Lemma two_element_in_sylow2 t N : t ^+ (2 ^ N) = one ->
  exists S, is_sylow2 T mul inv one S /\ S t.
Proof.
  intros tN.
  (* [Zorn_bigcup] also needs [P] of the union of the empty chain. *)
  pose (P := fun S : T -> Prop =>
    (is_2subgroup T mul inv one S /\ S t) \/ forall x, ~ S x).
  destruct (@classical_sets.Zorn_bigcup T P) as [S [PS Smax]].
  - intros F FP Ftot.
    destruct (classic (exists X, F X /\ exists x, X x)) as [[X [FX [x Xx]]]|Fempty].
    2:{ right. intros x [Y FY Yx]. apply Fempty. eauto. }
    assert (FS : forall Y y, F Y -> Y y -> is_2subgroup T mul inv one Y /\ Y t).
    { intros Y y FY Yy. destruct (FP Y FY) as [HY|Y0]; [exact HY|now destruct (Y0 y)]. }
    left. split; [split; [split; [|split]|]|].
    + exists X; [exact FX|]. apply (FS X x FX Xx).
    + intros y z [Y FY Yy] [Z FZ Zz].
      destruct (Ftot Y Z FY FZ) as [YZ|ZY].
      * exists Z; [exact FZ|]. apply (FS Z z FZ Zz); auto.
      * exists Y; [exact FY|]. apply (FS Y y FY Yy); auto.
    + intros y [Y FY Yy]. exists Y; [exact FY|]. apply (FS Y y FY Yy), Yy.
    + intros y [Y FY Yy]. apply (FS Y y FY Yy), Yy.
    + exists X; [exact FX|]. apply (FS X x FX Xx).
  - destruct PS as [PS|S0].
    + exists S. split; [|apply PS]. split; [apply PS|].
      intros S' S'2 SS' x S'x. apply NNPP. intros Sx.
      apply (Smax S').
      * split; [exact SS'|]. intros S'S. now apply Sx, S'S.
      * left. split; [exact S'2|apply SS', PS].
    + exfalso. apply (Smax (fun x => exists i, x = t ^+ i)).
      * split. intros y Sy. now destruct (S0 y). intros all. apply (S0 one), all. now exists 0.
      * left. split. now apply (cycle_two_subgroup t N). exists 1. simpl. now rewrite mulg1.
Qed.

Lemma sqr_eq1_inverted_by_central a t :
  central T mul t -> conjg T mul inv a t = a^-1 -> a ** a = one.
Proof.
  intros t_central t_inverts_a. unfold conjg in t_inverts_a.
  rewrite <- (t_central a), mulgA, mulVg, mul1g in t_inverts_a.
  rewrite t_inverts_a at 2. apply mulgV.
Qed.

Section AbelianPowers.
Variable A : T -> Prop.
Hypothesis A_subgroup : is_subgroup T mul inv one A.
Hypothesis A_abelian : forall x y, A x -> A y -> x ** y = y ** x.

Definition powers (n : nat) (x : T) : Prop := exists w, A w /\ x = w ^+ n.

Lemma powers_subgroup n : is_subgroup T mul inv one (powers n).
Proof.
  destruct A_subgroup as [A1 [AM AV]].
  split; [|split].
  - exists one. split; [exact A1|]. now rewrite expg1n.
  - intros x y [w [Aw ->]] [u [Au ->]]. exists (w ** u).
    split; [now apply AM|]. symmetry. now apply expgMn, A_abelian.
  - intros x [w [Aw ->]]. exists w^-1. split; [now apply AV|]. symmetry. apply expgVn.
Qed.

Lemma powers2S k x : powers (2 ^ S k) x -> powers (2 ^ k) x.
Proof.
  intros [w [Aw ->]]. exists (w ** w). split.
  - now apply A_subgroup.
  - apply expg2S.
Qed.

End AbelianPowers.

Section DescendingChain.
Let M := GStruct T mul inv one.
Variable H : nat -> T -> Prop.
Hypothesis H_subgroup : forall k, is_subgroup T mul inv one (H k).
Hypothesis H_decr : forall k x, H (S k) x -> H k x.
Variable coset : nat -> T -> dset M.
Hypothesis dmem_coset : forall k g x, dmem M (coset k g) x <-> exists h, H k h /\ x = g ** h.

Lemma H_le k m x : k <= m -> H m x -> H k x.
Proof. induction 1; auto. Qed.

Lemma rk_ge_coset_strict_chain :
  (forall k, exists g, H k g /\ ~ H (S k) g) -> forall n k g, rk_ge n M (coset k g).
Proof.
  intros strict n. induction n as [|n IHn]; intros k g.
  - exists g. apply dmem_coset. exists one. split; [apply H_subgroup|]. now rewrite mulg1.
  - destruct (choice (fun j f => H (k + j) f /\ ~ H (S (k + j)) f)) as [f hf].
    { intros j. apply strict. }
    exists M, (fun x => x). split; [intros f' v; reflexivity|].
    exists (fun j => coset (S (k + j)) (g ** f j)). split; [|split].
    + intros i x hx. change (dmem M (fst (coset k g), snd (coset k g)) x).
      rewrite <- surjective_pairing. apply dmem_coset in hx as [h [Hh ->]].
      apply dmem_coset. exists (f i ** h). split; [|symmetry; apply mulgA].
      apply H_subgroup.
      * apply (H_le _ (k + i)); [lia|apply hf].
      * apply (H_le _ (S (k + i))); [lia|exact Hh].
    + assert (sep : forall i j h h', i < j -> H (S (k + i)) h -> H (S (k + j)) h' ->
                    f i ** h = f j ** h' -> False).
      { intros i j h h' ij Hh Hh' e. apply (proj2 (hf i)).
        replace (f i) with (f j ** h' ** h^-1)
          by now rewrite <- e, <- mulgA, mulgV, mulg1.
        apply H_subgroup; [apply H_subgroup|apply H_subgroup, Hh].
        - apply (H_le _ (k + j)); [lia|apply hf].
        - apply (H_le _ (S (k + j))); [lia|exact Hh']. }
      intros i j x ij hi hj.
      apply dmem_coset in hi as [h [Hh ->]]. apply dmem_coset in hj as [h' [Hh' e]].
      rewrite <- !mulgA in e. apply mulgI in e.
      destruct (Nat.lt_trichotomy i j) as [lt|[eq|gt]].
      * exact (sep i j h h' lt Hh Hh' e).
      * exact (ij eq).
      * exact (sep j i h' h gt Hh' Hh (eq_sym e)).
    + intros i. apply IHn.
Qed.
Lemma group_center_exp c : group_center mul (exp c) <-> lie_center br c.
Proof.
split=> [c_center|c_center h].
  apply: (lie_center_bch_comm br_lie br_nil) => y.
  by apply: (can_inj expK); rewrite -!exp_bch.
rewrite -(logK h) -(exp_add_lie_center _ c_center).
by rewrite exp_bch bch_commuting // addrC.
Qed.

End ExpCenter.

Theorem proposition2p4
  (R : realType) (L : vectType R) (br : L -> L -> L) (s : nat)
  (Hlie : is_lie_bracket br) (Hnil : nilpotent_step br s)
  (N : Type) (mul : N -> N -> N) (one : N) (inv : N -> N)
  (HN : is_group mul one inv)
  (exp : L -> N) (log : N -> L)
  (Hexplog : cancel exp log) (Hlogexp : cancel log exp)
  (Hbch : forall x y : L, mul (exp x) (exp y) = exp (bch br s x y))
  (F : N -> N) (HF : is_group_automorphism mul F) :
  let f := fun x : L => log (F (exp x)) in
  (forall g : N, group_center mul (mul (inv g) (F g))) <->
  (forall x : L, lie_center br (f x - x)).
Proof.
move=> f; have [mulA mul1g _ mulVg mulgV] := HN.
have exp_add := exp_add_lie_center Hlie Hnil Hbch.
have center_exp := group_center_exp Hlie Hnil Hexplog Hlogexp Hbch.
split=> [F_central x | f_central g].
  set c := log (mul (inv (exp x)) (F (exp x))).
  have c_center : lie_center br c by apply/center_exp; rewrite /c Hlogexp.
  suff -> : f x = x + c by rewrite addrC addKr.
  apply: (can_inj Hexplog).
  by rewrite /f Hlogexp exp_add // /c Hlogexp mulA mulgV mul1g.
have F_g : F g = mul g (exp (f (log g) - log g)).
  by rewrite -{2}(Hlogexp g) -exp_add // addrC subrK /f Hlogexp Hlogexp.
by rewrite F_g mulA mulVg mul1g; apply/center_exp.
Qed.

■ TASK TO COMPLETE: In the data above, find the line with "- intros x y" and the line with "Hypothesis H_decr : forall". Retype both, plus every line between them, exactly.

■ ANSWER TO THE EXERCISE:
  - intros x y [w [Aw ->]] [u [Au ->]]. exists (w ** u).
    split; [now apply AM|]. symmetry. now apply expgMn, A_abelian.
  - intros x [w [Aw ->]]. exists w^-1. split; [now apply AV|]. symmetry. apply expgVn.
Qed.

Lemma powers2S k x : powers (2 ^ S k) x -> powers (2 ^ k) x.
Proof.
  intros [w [Aw ->]]. exists (w ** w). split.
  - now apply A_subgroup.
  - apply expg2S.
Qed.

End AbelianPowers.

Section DescendingChain.
Let M := GStruct T mul inv one.
Variable H : nat -> T -> Prop.
Hypothesis H_subgroup : forall k, is_subgroup T mul inv one (H k).
Hypothesis H_decr : forall k x, H (S k) x -> H k x.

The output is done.